(Material supplied begins)
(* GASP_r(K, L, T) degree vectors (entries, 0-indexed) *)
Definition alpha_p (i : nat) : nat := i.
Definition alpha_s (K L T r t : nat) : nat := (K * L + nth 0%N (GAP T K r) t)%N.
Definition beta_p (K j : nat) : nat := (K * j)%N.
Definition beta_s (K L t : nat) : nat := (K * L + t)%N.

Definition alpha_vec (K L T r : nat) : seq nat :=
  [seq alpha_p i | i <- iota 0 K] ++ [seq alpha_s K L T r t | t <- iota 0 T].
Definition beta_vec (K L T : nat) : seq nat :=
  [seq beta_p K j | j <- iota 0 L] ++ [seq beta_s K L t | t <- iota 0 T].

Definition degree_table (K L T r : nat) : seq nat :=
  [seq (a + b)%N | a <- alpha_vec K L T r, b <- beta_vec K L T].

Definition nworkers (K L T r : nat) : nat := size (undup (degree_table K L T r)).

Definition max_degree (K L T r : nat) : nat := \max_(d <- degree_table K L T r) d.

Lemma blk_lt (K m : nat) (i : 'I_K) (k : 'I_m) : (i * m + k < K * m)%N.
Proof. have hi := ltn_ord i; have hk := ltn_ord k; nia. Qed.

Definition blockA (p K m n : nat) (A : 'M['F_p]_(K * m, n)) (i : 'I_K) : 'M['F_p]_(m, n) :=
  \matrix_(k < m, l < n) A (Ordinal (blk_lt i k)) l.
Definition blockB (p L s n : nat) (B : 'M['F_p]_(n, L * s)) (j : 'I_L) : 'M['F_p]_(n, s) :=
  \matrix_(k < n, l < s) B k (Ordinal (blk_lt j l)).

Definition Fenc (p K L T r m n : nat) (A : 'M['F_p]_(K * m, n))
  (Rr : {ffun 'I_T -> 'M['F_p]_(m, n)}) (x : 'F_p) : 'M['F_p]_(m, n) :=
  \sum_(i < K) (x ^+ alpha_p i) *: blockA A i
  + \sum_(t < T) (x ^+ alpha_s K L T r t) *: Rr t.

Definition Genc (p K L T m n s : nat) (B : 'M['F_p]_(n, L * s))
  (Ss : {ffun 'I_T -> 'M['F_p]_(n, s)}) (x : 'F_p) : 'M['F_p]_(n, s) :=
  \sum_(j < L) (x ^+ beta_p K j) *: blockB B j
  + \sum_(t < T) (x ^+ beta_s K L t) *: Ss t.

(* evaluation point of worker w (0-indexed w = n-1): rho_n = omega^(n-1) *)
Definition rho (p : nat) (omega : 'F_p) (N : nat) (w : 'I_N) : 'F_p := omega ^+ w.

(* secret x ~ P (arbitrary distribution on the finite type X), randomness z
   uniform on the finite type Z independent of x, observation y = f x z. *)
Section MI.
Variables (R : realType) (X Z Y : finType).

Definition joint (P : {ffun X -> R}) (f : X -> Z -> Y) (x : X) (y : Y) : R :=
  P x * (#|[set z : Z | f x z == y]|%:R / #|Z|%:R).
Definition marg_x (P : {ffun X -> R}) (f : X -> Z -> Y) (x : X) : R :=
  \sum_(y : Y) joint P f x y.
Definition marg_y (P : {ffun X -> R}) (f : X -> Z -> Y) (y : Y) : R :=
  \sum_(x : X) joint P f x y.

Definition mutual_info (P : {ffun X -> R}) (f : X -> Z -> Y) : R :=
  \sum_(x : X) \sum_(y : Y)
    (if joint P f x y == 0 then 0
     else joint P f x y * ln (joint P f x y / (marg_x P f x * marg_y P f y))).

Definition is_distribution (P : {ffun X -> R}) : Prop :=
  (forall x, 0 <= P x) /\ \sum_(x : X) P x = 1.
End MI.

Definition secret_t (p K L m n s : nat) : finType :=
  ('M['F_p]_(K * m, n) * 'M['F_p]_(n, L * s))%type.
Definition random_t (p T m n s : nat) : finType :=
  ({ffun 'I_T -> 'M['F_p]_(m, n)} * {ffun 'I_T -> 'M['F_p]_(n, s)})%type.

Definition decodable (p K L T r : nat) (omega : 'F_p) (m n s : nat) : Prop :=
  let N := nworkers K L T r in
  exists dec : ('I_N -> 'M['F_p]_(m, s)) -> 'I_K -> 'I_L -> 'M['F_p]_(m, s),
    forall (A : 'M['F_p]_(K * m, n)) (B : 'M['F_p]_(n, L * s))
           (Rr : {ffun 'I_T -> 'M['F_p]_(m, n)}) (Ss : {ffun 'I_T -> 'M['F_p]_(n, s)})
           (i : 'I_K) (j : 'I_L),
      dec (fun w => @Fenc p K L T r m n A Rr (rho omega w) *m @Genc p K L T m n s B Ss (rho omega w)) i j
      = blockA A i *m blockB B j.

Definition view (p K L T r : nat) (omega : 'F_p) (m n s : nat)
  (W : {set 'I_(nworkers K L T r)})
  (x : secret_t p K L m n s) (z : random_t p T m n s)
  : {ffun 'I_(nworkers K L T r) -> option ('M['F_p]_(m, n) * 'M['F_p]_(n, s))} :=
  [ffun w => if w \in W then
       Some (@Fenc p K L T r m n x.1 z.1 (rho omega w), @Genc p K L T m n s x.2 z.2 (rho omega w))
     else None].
(Material supplied ends)
> Problem statement
From the data above, output exactly the lines between the one containing "Section MI." and the one containing "Definition decodable (p", counting both of them.

> Your solution
Section MI.
Variables (R : realType) (X Z Y : finType).

Definition joint (P : {ffun X -> R}) (f : X -> Z -> Y) (x : X) (y : Y) : R :=
  P x * (#|[set z : Z | f x z == y]|%:R / #|Z|%:R).
Definition marg_x (P : {ffun X -> R}) (f : X -> Z -> Y) (x : X) : R :=
  \sum_(y : Y) joint P f x y.
Definition marg_y (P : {ffun X -> R}) (f : X -> Z -> Y) (y : Y) : R :=
  \sum_(x : X) joint P f x y.

Definition mutual_info (P : {ffun X -> R}) (f : X -> Z -> Y) : R :=
  \sum_(x : X) \sum_(y : Y)
    (if joint P f x y == 0 then 0
     else joint P f x y * ln (joint P f x y / (marg_x P f x * marg_y P f y))).

Definition is_distribution (P : {ffun X -> R}) : Prop :=
  (forall x, 0 <= P x) /\ \sum_(x : X) P x = 1.
End MI.

Definition secret_t (p K L m n s : nat) : finType :=
  ('M['F_p]_(K * m, n) * 'M['F_p]_(n, L * s))%type.
Definition random_t (p T m n s : nat) : finType :=
  ({ffun 'I_T -> 'M['F_p]_(m, n)} * {ffun 'I_T -> 'M['F_p]_(n, s)})%type.

Definition decodable (p K L T r : nat) (omega : 'F_p) (m n s : nat) : Prop :=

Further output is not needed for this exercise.